It is such a crucial point that it bears repeating again and again and again: Without the corporate welfare euphemistically referred to as racino gaming, much of horseracing in the United States – including practically all of harness racing – would have vanished by now. One needs to look no further than Suffolk Downs, which after not receiving the Boston casino license, is done – shuttered, hopefully, for good.

In Illinois, a similar life and death struggle is playing out. A recent Craine’s Chicago Business article starts thus: “Chicago’s horse-racing circuit may be heading into its final furlong. Once hosts to one of the most popular sports in America, the area’s two thoroughbred tracks, Arlington International Racecourse and Hawthorne Race Course, today face a bleak future showcasing a niche product with a dwindling fan base.” Says Arlington’s chairman, [Illinois racing] “is just about ready to collapse.”
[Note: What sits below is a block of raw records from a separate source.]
(* S(x1) = { x_n : n >= 1 } with x_{n+1} = F x_n, i.e. { F^k(x1) : k >= 0 } *)
Definition orbit (F : R -> R) (x1 : R) : R -> Prop :=
  fun y => exists k : nat, y = Nat.iter k F x1.

From Stdlib Require Import Reals Lra ZArith Lia.
Open Scope R_scope.

(* Since |F'(x0)| < 1 and F' is continuous, |F'| <= q < 1 on a small ball
   around x0; by the mean value theorem F contracts that ball towards x0, so
   every orbit started in it satisfies |x_k - x0| <= r1 q^k.  For such a
   geometrically convergent sequence, the eps-neighbourhood is covered by K
   intervals of length 2 eps around the first K points plus one interval of
   length 4 eps around x0, where K ~ log(1/eps)/log(1/q) is the first index
   with r1 q^K <= eps.  Its measure is therefore O(eps log(1/eps)), which is
   o(eps^{1-s}) for every s > 0, so both Minkowski contents vanish for all
   s > 0 and the box dimension is 0. *)

Lemma cover_sum_nonneg (A : R -> Prop) (x : R) : cover_sum A x -> 0 <= x.
Proof.
  intros (a & b & Hab & _ & Hsum).
  assert (Hhead : b 0%nat - a 0%nat <= x).
  { apply (sum_incr (fun n => b n - a n) 0 x Hsum).
    intro n; specialize (Hab n); lra. }
  specialize (Hab 0%nat); lra.
Qed.

(* A set with one countable interval cover has an outer measure: the cover
   sums form a nonempty set bounded below by 0, so completeness gives an
   infimum. *)
Lemma measure_exists (A : R -> Prop) (x : R) :
  cover_sum A x -> exists m, lebesgue_measure A m.
Proof.
  intros Hx.
  set (E := fun y => cover_sum A (- y)).
  assert (Hbound : bound E).
  { exists 0. intros y Hy. apply cover_sum_nonneg in Hy. lra. }
  assert (Hne : exists y, E y).
  { exists (- x). unfold E. now rewrite Ropp_involutive. }
  destruct (completeness E Hbound Hne) as [l [Hub Hlub]].
  exists (- l). split.
  - intros z Hz.
    assert (Ez : E (- z)) by (unfold E; now rewrite Ropp_involutive).
    specialize (Hub _ Ez). lra.
  - intros m' Hm'.
    assert (l <= - m'); [|lra].
    apply Hlub. intros y Hy. specialize (Hm' _ Hy). lra.
Qed.

Lemma pow_le_one (q : R) (k : nat) : 0 <= q <= 1 -> q ^ k <= 1.
Proof. intros. rewrite <- (pow1 k). apply pow_incr. lra. Qed.

Lemma pow_antitone (q : R) (K k : nat) : 0 <= q <= 1 -> (K <= k)%nat -> q ^ k <= q ^ K.
Proof.
  intros Hq Hk. replace k with (K + (k - K))%nat by lia. rewrite pow_add.
  pose proof (pow_le_one q (k - K) Hq). pose proof (pow_le q K (proj1 Hq)). nra.
Qed.

(* Covering the eps-neighbourhood of a sequence whose tail from index K on
   stays within rho of c: one interval of length 2 eps around each of the
   first K points, plus one interval of length 2 (rho + eps) around c. *)
Lemma tail_cover (p : nat -> R) (c eps rho : R) (K : nat) :
  0 < eps -> (forall k, (K <= k)%nat -> Rabs (p k - c) <= rho) ->
  cover_sum (nbhd (fun y => exists k, y = p k) eps)
            (2 * eps * INR K + 2 * (rho + eps)).
Proof.
  intros Heps Htail.
  set (a := fun n => if (n <? K)%nat then p n - eps
                     else if (n =? K)%nat then c - (rho + eps) else 0).
  set (b := fun n => if (n <? K)%nat then p n + eps
                     else if (n =? K)%nat then c + (rho + eps) else 0).
  assert (Hrho : 0 <= rho).
  { specialize (Htail K (Nat.le_refl K)). pose proof (Rabs_pos (p K - c)). lra. }
  assert (Hpartial : forall n, sum_f_R0 (fun n => b n - a n) n =
     if (n <? K)%nat then 2 * eps * INR (S n) else 2 * eps * INR K + 2 * (rho + eps)).
  { induction n as [|n IH]; simpl sum_f_R0.
    - unfold a, b. destruct (0 <? K)%nat eqn:E; [simpl; lra|].
      apply Nat.ltb_ge in E. replace K with 0%nat by lia. simpl. lra.
    - rewrite IH. unfold a, b.
      destruct (n <? K)%nat eqn:E1; destruct (S n <? K)%nat eqn:E2.
      + rewrite !S_INR. lra.
      + apply Nat.ltb_lt in E1. apply Nat.ltb_ge in E2.
        assert (HK : S n = K) by lia.
        rewrite (proj2 (Nat.eqb_eq (S n) K) HK), <- HK. lra.
      + apply Nat.ltb_ge in E1. apply Nat.ltb_lt in E2. lia.
      + apply Nat.ltb_ge in E1. destruct (S n =? K)%nat eqn:E3.
        * apply Nat.eqb_eq in E3. lia.
        * lra. }
  exists a, b. split; [|split].
  - intro n; unfold a, b. destruct (n <? K)%nat; [lra|]. destruct (n =? K)%nat; lra.
  - intros y [x [[k ->] Hy]]. apply Rabs_def2 in Hy.
    destruct (k <? K)%nat eqn:E.
    + exists k. unfold a, b. rewrite E. lra.
    + exists K. unfold a, b. rewrite Nat.ltb_irrefl, Nat.eqb_refl.
      apply Nat.ltb_ge in E. specialize (Htail k E).
      pose proof (Rle_abs (p k - c)) as Hup.
      pose proof (Rle_abs (- (p k - c))) as Hlow. rewrite Rabs_Ropp in Hlow. lra.
  - intros e He. exists K. intros n Hn. rewrite Hpartial.
    destruct (n <? K)%nat eqn:E; [apply Nat.ltb_lt in E; lia|].
    unfold R_dist. rewrite Rminus_diag, Rabs_R0. lra.
Qed.

Lemma exp_dominates_affine (a b s eta : R) :
  0 <= a -> 0 <= b -> 0 < s -> 0 < eta ->
  exists T, 0 < T /\ forall t, T < t -> a * t + b < eta * exp (s * t).
Proof.
  intros Ha Hb Hs Heta.
  set (C := 2 * a / s + b).
  assert (HC : 0 <= C) by (unfold C; assert (0 <= 2 * a / s) by
    (apply Rmult_le_pos; [lra | left; apply Rinv_0_lt_compat; lra]); lra).
  set (V := C / eta + 1).
  assert (HV : 1 <= V) by (unfold V; assert (0 <= C / eta) by
    (apply Rmult_le_pos; [lra | left; apply Rinv_0_lt_compat; lra]); lra).
  exists (2 * V / s). split; [apply Rdiv_lt_0_compat; lra|].
  intros t Ht.
  (* With v = s t / 2 > V: a t + b <= C v < eta v^2 < eta e^{2 v}. *)
  set (v := s * t / 2).
  assert (HvV : V < v).
  { unfold v. apply (Rmult_lt_compat_l (s / 2)) in Ht; [|lra].
    replace (s / 2 * (2 * V / s)) with V in Ht by (field; lra). lra. }
  assert (Hlin : a * t + b <= C * v).
  { unfold C, v. replace ((2 * a / s + b) * (s * t / 2)) with (a * t + b * v)
      by (unfold v; field; lra). fold v. nra. }
  assert (Hquad : C * v < eta * (v * v)).
  { assert (HCV : C = eta * (V - 1)) by (unfold V; field; lra).
    rewrite HCV. assert (Hv0 : 0 < v) by lra.
    assert (eta * (V - 1) < eta * v) by (apply Rmult_lt_compat_l; lra). nra. }
  assert (Hexp : v * v < exp (s * t)).
  { replace (s * t) with (v + v) by (unfold v; field). rewrite exp_plus.
    pose proof (exp_ineq1 v ltac:(lra)). nra. }
  nra.
Qed.

Lemma exp_le_compat (x y : R) : x <= y -> exp x <= exp y.
Proof. intros [Hlt | ->]; [left; now apply exp_increasing | lra]. Qed.

Lemma ln_div_pos (x y : R) : 0 < x -> 0 < y -> ln (x / y) = ln x - ln y.
Proof. intros Hx Hy. unfold Rdiv. rewrite ln_mult, ln_Rinv; try lra. now apply Rinv_0_lt_compat. Qed.

Lemma nat_ceiling (x : R) : 0 <= x -> exists n : nat, x <= INR n <= x + 1.
Proof.
  intros Hx. destruct (archimed x) as [Hup1 Hup2].
  exists (Z.to_nat (up x)).
  rewrite INR_IZR_INZ, Z2Nat.id; [lra|]. apply le_IZR. lra.
Qed.

Lemma geometric_index (q R0 eps : R) : 0 < q < 1 -> 0 < eps <= R0 ->
  exists K : nat, R0 * q ^ K <= eps /\ INR K <= ln (R0 / eps) / (- ln q) + 1.
Proof.
  intros Hq Heps.
  set (L := - ln q).
  assert (HL : 0 < L).
  { unfold L. pose proof (ln_increasing q 1 (proj1 Hq) (proj2 Hq)). rewrite ln_1 in *. lra. }
  set (t := ln (R0 / eps)).
  assert (Ht : 0 <= t).
  { unfold t. rewrite ln_div_pos by lra.
    destruct (Rle_lt_or_eq_dec eps R0) as [Hlt | ->]; [lra| |lra].
    pose proof (ln_increasing eps R0 ltac:(lra) Hlt). lra. }
  destruct (nat_ceiling (t / L)) as [K [HK1 HK2]].
  { apply Rmult_le_pos; [lra | left; now apply Rinv_0_lt_compat]. }
  exists K. split; [|exact HK2].
  assert (HtK : t <= L * INR K).
  { apply (Rmult_le_compat_l L) in HK1; [|lra].
    replace (L * (t / L)) with t in HK1 by (field; lra). lra. }
  replace eps with (R0 * exp (- t))
    by (unfold t; rewrite exp_Ropp, exp_ln by (apply Rdiv_lt_0_compat; lra); field; lra).
  rewrite <- Rpower_pow by lra. unfold Rpower.
  apply Rmult_le_compat_l; [lra|].
  apply exp_le_compat. replace (ln q) with (- L) by (unfold L; ring). lra.
Qed.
The article goes on to note that horse-betting in Illinois is down 42% over the past decade (and 33% nationally); the Illinois Board has already cut 15% of the tracks’ 2015 dates. The reason: Horseracing can no longer compete with 21st Century gambling – casinos and lotteries. Besides, they’ve already been subsidized – to no avail:

“Both tracks have been propped up for the past three years by an impact fee that redistributed nearly $75 million from Illinois casinos to be used on purses and track improvements. But that money has been exhausted, leaving the tracks to fund purses with only what people are betting.” Imagine that.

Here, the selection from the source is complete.